Prompt:
In the data below, locate each line with the word "Ordinal" and list it.

====== Dataset

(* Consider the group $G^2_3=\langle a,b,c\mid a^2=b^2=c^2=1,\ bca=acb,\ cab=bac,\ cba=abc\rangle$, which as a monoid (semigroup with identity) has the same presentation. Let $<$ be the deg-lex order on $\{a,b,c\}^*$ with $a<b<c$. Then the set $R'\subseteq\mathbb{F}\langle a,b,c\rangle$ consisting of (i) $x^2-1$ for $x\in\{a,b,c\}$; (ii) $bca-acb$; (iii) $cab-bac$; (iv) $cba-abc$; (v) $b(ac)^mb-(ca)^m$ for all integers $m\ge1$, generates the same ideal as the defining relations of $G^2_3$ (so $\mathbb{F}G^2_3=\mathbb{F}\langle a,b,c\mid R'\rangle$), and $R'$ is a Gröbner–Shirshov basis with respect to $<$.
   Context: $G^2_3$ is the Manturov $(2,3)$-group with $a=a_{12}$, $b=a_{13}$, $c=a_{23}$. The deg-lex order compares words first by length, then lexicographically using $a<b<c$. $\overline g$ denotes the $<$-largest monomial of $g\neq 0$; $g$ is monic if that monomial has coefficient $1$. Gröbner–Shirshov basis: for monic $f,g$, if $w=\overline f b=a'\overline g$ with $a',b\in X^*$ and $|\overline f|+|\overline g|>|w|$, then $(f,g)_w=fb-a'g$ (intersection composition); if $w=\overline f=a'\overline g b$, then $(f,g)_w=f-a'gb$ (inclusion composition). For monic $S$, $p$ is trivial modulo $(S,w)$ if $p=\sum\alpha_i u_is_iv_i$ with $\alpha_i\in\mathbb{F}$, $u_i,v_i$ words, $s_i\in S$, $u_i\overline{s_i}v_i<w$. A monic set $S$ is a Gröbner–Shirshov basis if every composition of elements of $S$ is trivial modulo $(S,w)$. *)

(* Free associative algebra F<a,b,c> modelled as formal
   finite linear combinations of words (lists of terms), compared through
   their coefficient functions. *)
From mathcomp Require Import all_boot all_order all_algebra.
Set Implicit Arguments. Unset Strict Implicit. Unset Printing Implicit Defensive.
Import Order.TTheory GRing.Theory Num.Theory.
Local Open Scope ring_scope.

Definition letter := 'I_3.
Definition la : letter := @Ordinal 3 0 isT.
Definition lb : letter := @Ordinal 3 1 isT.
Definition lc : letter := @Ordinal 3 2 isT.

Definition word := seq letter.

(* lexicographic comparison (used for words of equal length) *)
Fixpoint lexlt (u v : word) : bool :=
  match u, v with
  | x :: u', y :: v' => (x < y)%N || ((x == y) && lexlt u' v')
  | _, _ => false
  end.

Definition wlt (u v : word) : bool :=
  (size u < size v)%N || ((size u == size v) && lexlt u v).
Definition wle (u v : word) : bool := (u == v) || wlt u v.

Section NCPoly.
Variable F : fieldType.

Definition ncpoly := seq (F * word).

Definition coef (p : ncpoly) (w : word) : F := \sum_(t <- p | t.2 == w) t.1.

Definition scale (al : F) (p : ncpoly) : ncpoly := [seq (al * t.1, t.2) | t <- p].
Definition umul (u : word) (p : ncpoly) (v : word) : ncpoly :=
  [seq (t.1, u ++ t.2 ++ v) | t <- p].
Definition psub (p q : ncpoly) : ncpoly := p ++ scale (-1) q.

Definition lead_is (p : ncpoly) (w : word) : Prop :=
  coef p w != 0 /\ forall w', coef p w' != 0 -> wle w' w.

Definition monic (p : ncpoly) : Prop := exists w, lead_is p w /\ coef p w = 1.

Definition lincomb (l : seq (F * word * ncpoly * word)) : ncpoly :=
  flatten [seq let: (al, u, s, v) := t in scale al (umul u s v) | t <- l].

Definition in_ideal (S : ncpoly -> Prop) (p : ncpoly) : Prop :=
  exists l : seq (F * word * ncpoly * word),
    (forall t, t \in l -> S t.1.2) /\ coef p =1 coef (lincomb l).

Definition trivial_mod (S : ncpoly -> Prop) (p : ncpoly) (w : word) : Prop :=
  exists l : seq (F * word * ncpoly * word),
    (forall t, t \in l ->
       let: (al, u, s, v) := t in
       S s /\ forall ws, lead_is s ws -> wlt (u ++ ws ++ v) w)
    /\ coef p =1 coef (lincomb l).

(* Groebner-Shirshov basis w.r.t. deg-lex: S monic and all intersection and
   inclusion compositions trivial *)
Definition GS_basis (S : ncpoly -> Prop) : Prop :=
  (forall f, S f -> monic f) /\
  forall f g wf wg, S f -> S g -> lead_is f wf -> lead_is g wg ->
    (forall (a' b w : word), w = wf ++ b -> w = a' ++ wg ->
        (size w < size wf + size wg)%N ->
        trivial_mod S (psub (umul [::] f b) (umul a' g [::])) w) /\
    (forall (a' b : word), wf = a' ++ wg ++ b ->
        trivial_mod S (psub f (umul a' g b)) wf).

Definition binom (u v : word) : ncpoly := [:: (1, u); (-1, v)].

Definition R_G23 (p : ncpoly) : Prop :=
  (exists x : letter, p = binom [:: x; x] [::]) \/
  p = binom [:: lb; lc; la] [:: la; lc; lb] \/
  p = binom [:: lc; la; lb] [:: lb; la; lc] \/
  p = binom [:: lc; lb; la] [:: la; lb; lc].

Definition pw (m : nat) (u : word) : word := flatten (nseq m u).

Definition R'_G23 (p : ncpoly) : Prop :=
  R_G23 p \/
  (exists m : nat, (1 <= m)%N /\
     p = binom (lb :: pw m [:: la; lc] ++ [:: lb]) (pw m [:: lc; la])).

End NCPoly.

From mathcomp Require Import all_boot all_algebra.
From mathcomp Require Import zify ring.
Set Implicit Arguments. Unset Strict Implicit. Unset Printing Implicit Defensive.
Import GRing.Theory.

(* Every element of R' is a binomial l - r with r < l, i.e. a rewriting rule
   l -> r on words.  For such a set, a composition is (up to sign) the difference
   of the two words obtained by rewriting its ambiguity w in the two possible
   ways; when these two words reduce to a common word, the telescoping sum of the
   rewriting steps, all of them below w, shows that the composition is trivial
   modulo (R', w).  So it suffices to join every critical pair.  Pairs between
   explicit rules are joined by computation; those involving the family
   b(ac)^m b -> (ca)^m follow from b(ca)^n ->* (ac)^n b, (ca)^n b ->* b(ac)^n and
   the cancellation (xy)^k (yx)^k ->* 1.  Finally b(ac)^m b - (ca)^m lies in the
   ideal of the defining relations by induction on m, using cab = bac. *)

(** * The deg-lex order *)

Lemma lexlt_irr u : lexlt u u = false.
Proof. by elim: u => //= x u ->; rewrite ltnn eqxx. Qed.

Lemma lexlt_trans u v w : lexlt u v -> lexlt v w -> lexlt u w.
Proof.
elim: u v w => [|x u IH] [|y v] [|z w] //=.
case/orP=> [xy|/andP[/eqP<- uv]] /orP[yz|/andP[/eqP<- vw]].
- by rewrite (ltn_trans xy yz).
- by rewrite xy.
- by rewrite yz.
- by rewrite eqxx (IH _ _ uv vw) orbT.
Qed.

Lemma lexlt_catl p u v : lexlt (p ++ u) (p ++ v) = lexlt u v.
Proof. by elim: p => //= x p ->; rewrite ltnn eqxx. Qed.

============

Task answer:
Definition la : letter := @Ordinal 3 0 isT.
Definition lb : letter := @Ordinal 3 1 isT.
Definition lc : letter := @Ordinal 3 2 isT.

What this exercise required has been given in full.